На часах настенных было без пятнадцати три. Отец Иаков посмотрел в окно, откуда виднелся Ильинский храм с недавно подновлённым верхним ярусом колокольни, и блестела лужами вдоль церковной ограды дорожка, по которой уже спешил шагами саженьими Фёдор Опушкин, – никогда не приходил он точно минута в минуту, зато и никогда не заставлял себя ждать.

Настоятель принял его в своей комнате. На столе, уложенные красивой пирамидкой на блюде, отливали рубинами яблоки; батюшка был любезен, заговорил сперва о постороннем, посетовал на непогоду; рука его обмотанная чётками, расправила складку на скатерти, огладила бороду…

Отец Иаков настоятельствовал в галелеевской церкви всего два года.
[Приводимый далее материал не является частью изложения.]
Lemma Cinf_eps X (f : X -> B X) x : cf_eps C (Cinf C f x) = x.
Proof. apply cf_unfold_eps. Qed.

Lemma Cmap_theta X Y (h : X -> Y) t : cf_theta C (Cmap C h t) = fmap B (Cmap C h) (cf_theta C t).
Proof. apply cf_unfold_theta. Qed.

Lemma Cmap_eps X Y (h : X -> Y) t : cf_eps C (Cmap C h t) = h (cf_eps C t).
Proof. apply cf_unfold_eps. Qed.

Lemma Cmap_id X (t : C X) : Cmap C (fun x : X => x) t = t.
Proof.
  symmetry. apply (cf_unfold_unique B C X (C X) _ (fun t => t)); intro; simpl.
  - rewrite fmap_id. reflexivity.
  - reflexivity.
Qed.

End CofreeLaws.

Lemma Rel_fmap (S : Functor) X Y (R : X -> Y -> Prop) A (u : A -> X) (v : A -> Y) :
  (forall a, R (u a) (v a)) -> forall s, Rel S R (fmap S u s) (fmap S v s).
Proof.
  intros uRv s.
  exists (fmap S (fun a => exist (fun p : X * Y => R (fst p) (snd p)) (u a, v a) (uRv a)) s).
  split; rewrite <- fmap_comp; reflexivity.
Qed.

Section Similarity.
Variables (B : OrderedFunctor) (C : CofreeComonad B).

Lemma Csim_family X A (u v : A -> C X) :
  (forall a, cf_eps C (u a) = cf_eps C (v a)) ->
  (forall a, exists p : B A, ole B (cf_theta C (u a)) (fmap B u p) /\
                             ole B (fmap B v p) (cf_theta C (v a))) ->
  forall a, Csim C X (u a) (v a).
Proof.
  intros eps_uv step a.
  pose (R x y := exists a, x = u a /\ y = v a).
  exists R. split; [|exists a; auto].
  intros _ _ [a' [-> ->]]. destruct (step a') as [p [le_u le_v]].
  pose (pair_in_R a := exist (fun q => R (fst q) (snd q)) (u a, v a)
                              (ex_intro _ a (conj eq_refl eq_refl))).
  exists (fmap B u p, cf_eps C (u a')), (fmap B v p, cf_eps C (v a')).
  split; [split; simpl; auto|split].
  - exists (fmap B pair_in_R p, cf_eps C (u a')).
    unfold prodmap; simpl. rewrite <- !fmap_comp, eps_uv. split; reflexivity.
  - split; simpl; auto.
Qed.

Lemma Cinf_lax Z W (k : Z -> W) (f : Z -> B Z) (g : W -> B W) :
  (forall z, ole B (fmap B k (f z)) (g (k z))) ->
  forall z, Csim C W (Cmap C k (Cinf C f z)) (Cinf C g (k z)).
Proof.
  intros fk_le. apply Csim_family.
  - intro z. rewrite Cmap_eps, !Cinf_eps. reflexivity.
  - intro z. exists (f z). rewrite Cmap_theta, !Cinf_theta. split.
    + rewrite <- fmap_comp. apply ole_refl.
    + rewrite (fmap_comp B _ _ _ k (Cinf C g)). apply fmap_mono, fk_le.
Qed.

Lemma Cinf_oplax Z W (k : Z -> W) (f : Z -> B Z) (g : W -> B W) :
  (forall z, ole B (g (k z)) (fmap B k (f z))) ->
  forall z, Csim C W (Cinf C g (k z)) (Cmap C k (Cinf C f z)).
Proof.
  intros fk_ge. apply Csim_family.
  - intro z. rewrite Cmap_eps, !Cinf_eps. reflexivity.
  - intro z. exists (f z). rewrite Cmap_theta, !Cinf_theta. split.
    + rewrite (fmap_comp B _ _ _ k (Cinf C g)). apply fmap_mono, fk_ge.
    + rewrite <- fmap_comp. apply ole_refl.
Qed.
Его предшественник, отец Сергий, ушёл на покой по болезни и возрасту, и проживал в Борисоглебском монастыре, где и брат его меньший монашествовал; матушка же, спутница его ещё с порога семинарского, решила завершить протяжный бабий век свой по иному, и, отколовшись от прежней жизни, как глыба от ледника, не в келью подалась прощальную, но к черноморскому причалу, – там и таяла помаленьку под крики чаек, под благодарную заботу внучек и лепет правнучат забавный…

Перевести разговор на основную тему отцу Иакову неожиданно помог его собеседник:

– Батюшка, может ли в наше время придти Христос?

Отец Иаков как-то замер, словно его застали врасплох.

– Видите ли… в Писании сказано, что многие придут под Его именем, вот это точно известно, – заговорил он после заминки.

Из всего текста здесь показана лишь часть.